WHAT YOU ARE ASKED TO DO – Using the records that follow, work out the number of lines with the word "first" in them; reply with that number only.

SUPPLIED ENTRIES –
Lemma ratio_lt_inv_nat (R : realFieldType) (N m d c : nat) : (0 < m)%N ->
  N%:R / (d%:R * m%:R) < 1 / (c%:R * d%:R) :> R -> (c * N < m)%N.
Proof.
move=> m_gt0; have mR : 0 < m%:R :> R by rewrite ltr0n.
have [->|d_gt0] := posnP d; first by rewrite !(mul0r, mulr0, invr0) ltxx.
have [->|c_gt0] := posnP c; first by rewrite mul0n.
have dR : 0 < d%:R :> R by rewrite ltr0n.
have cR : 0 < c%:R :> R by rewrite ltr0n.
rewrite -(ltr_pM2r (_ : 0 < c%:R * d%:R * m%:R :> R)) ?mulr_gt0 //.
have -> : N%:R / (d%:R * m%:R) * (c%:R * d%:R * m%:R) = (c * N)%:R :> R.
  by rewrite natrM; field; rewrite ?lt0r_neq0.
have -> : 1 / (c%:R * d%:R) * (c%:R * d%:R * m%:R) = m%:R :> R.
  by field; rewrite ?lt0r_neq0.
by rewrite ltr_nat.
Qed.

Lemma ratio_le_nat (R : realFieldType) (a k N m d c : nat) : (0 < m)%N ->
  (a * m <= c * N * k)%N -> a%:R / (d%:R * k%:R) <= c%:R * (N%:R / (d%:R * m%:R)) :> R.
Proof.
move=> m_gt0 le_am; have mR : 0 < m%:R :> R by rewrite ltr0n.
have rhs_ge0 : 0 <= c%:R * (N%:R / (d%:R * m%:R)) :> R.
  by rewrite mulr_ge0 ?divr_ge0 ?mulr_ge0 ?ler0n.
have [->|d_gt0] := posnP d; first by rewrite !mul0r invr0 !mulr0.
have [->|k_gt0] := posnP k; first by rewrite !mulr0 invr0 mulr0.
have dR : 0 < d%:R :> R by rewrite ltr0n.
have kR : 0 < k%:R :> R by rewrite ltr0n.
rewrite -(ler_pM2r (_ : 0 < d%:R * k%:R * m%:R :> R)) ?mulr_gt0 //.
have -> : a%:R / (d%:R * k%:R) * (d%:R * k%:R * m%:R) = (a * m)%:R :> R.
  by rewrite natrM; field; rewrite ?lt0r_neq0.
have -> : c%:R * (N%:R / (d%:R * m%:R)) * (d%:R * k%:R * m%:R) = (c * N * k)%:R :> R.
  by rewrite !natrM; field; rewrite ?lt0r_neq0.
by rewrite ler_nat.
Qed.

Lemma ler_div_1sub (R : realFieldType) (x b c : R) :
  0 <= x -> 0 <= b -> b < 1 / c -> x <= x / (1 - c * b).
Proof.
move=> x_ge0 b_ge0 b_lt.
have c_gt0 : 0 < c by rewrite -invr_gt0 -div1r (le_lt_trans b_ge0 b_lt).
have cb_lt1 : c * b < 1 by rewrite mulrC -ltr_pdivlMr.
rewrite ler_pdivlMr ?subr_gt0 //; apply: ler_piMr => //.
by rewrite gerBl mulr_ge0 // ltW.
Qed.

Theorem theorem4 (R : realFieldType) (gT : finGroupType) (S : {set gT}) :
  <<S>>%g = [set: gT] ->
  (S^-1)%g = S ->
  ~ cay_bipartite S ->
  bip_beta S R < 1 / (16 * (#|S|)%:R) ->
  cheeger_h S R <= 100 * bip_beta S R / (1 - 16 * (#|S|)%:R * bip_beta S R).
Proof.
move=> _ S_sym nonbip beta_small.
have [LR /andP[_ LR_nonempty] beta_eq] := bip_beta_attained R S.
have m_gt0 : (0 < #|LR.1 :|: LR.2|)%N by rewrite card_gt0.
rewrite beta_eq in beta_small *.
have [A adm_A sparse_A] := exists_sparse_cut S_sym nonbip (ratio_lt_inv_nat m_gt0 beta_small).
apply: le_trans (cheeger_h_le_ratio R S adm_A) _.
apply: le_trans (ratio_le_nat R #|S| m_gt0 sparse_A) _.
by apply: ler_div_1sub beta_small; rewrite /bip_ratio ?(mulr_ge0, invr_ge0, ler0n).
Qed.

RESULT FOR THIS TASK – 4